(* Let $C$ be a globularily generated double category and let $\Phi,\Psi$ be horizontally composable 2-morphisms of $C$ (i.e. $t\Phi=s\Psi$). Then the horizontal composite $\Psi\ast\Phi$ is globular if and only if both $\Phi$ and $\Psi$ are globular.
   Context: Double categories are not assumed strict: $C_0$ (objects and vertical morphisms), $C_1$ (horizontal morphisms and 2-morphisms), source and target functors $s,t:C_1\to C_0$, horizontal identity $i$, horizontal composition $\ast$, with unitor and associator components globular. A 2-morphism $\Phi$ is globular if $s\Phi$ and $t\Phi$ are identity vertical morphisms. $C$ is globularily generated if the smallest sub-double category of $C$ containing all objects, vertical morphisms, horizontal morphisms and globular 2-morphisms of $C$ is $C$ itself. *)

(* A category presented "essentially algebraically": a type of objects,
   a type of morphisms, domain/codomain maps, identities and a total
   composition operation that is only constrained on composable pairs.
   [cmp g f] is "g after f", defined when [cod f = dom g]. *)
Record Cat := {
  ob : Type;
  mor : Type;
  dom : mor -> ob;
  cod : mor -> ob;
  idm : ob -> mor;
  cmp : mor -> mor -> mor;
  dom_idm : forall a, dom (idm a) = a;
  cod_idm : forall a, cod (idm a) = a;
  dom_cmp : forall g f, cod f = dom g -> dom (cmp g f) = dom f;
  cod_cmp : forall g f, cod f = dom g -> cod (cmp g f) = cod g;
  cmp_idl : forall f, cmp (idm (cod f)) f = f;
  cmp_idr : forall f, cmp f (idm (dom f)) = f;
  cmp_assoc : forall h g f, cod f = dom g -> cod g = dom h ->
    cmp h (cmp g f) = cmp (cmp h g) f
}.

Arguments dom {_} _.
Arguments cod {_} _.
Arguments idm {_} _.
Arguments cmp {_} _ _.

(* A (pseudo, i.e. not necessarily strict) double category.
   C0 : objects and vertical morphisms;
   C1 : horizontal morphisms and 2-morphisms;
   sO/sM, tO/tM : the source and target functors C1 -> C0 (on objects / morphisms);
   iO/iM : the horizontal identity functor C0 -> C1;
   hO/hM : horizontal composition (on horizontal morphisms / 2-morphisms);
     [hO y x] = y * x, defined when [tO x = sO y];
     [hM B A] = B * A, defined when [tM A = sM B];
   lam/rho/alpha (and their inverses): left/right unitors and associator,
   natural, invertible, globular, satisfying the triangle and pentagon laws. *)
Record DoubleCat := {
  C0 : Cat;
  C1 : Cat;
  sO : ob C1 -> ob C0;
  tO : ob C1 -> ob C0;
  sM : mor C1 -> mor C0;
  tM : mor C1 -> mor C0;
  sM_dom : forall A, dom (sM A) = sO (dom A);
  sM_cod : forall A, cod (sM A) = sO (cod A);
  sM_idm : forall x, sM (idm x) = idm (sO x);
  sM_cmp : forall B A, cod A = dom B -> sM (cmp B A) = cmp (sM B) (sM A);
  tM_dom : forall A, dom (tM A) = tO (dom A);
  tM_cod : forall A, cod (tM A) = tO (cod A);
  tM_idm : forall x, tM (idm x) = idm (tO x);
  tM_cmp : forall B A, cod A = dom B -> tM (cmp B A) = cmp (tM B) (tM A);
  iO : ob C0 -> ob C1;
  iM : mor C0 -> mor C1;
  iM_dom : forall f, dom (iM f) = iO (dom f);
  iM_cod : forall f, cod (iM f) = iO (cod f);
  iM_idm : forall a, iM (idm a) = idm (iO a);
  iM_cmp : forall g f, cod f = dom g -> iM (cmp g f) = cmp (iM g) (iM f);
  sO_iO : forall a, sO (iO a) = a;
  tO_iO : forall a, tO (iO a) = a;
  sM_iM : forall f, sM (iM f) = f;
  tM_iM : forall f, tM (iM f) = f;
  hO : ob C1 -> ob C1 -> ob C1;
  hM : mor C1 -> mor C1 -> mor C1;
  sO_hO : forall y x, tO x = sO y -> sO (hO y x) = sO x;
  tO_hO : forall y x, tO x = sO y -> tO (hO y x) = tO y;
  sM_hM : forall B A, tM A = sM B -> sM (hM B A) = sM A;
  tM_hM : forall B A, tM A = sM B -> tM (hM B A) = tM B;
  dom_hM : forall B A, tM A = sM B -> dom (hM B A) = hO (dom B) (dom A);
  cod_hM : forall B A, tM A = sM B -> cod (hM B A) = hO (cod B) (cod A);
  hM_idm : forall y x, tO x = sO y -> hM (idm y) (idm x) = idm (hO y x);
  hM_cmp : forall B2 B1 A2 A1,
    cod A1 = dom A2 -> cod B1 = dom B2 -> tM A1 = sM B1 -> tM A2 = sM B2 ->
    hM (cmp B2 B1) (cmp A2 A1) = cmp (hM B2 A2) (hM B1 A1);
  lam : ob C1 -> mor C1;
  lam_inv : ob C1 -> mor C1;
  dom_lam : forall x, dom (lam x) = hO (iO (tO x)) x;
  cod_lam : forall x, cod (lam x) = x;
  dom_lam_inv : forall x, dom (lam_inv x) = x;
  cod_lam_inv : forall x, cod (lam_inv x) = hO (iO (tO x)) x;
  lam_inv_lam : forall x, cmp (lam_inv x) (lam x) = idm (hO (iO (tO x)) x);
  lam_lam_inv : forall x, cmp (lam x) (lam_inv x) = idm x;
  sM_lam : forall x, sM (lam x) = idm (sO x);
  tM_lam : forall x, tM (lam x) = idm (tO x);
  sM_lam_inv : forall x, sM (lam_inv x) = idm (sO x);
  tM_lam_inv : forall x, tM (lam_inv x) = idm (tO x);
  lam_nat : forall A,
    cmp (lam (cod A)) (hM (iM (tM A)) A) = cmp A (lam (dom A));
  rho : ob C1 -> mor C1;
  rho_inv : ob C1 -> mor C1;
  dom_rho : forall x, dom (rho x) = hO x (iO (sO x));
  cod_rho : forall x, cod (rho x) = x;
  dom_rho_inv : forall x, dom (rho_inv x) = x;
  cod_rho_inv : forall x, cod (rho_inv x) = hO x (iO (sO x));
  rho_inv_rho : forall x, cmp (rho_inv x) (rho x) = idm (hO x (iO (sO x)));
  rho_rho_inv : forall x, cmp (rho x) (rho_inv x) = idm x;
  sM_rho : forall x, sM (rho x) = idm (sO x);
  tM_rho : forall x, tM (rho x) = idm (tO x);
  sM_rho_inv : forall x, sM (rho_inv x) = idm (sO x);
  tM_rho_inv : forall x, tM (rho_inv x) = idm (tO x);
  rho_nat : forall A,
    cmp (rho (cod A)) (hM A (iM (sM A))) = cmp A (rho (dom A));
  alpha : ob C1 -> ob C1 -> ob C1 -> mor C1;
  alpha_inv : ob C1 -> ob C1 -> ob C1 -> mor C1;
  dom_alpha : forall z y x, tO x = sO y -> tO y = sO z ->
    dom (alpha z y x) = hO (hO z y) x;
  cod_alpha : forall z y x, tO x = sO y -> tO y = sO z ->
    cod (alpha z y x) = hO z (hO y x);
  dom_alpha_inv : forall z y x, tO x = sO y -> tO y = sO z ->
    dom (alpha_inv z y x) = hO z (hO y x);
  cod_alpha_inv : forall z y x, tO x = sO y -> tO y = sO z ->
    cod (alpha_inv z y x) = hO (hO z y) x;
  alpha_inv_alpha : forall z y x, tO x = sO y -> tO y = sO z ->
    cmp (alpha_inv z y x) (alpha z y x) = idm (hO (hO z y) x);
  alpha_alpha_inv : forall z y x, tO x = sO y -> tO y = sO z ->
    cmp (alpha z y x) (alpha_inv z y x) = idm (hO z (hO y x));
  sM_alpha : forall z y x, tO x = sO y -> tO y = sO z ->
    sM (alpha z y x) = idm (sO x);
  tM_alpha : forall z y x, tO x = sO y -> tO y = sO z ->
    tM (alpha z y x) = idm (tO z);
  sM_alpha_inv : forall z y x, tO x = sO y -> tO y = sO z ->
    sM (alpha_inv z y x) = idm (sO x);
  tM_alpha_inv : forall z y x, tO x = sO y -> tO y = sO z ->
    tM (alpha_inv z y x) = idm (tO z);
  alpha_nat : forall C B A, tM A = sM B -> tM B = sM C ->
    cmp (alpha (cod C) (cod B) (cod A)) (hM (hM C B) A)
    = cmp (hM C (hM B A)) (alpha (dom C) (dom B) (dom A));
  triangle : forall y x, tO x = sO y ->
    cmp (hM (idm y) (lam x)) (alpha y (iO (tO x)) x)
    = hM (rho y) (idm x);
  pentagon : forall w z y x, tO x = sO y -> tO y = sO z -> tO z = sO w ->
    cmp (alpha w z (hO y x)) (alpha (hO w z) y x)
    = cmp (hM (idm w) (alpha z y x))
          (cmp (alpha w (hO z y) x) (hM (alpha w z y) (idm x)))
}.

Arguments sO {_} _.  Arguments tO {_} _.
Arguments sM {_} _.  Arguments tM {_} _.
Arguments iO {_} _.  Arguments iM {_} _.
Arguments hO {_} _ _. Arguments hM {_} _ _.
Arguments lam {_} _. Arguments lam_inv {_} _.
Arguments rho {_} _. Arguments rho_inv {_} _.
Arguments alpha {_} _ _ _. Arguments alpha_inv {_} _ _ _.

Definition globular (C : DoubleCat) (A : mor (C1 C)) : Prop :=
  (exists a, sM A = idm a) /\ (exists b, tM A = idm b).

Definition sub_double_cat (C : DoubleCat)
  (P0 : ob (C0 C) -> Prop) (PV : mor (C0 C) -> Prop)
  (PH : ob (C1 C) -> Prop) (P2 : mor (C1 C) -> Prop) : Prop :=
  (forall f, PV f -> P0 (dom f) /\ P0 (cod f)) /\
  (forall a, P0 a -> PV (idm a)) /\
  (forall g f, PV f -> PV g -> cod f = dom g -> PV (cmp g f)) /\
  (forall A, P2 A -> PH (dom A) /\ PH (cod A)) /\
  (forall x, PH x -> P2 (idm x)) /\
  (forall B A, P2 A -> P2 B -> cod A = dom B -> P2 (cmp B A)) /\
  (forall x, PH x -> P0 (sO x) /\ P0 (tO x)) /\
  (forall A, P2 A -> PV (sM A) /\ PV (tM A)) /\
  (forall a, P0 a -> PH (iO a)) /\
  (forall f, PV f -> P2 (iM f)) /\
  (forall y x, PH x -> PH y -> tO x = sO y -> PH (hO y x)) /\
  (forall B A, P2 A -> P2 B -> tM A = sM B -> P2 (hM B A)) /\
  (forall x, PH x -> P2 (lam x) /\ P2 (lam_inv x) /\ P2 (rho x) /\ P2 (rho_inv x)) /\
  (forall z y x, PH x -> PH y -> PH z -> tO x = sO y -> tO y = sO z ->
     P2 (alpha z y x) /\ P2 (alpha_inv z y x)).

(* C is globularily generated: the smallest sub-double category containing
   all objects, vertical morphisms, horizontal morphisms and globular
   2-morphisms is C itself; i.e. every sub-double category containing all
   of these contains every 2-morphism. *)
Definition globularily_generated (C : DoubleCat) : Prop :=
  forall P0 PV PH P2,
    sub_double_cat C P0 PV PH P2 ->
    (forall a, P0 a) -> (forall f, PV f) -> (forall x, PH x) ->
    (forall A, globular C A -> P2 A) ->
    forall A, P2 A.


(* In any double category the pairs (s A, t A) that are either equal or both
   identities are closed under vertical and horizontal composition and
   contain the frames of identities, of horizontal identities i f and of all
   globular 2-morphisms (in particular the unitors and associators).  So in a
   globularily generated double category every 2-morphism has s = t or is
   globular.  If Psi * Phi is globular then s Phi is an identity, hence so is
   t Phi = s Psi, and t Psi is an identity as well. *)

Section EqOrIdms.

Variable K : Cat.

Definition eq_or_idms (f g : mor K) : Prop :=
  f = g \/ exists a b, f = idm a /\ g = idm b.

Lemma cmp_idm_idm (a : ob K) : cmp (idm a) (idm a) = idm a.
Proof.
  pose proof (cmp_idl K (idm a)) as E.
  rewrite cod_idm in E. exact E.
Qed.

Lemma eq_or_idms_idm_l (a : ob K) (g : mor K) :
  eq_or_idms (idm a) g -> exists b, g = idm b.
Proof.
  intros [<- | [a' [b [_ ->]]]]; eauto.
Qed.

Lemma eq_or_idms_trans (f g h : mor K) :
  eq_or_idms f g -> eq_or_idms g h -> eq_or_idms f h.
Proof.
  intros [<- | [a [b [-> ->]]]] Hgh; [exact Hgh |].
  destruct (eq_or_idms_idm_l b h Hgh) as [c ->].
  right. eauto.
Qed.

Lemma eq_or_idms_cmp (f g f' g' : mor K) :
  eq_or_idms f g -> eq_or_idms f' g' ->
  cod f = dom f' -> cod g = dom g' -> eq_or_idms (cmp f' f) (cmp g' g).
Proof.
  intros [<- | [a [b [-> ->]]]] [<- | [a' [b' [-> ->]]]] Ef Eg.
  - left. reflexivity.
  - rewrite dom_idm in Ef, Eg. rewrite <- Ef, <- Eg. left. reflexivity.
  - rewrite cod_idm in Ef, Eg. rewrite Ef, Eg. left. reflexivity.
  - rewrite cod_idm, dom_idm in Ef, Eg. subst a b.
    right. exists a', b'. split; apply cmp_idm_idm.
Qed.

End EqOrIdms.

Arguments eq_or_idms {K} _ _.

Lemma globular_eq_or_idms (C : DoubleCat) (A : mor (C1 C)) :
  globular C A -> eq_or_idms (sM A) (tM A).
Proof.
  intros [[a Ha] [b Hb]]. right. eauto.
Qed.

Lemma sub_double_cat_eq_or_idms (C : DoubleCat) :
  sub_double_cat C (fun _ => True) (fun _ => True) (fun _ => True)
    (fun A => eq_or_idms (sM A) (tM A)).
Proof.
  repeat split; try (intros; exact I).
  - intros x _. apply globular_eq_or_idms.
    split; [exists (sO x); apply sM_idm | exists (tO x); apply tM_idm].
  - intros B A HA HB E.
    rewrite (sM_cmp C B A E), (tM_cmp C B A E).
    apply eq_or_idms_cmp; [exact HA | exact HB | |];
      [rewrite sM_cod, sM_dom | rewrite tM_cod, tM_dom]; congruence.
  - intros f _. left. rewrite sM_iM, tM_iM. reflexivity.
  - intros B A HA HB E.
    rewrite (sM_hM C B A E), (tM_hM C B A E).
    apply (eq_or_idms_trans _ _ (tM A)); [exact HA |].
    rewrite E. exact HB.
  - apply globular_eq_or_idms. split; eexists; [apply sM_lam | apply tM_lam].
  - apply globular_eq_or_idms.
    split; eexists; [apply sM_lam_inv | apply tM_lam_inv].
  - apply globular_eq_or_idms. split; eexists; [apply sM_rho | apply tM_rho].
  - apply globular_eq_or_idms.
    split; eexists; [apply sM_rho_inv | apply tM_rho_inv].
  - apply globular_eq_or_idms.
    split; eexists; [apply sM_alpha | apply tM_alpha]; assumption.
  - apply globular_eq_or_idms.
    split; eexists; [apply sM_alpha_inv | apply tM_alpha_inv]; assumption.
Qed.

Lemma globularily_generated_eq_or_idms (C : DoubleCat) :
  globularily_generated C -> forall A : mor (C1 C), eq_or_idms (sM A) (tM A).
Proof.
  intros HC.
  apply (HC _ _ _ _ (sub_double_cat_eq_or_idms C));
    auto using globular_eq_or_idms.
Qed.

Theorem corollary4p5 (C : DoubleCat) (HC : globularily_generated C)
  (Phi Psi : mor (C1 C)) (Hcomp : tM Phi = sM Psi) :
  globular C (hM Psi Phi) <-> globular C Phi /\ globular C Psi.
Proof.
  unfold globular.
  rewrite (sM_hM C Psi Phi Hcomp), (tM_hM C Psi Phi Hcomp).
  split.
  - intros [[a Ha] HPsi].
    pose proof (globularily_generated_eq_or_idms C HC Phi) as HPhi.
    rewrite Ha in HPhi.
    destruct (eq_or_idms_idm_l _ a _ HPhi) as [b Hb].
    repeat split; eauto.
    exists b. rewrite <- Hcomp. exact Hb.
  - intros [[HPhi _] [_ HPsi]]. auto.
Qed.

----

**REQUIREMENT**
Find how many lines in the listing contain the word "exact" and give that count alone.

**YOUR SOLUTION**
7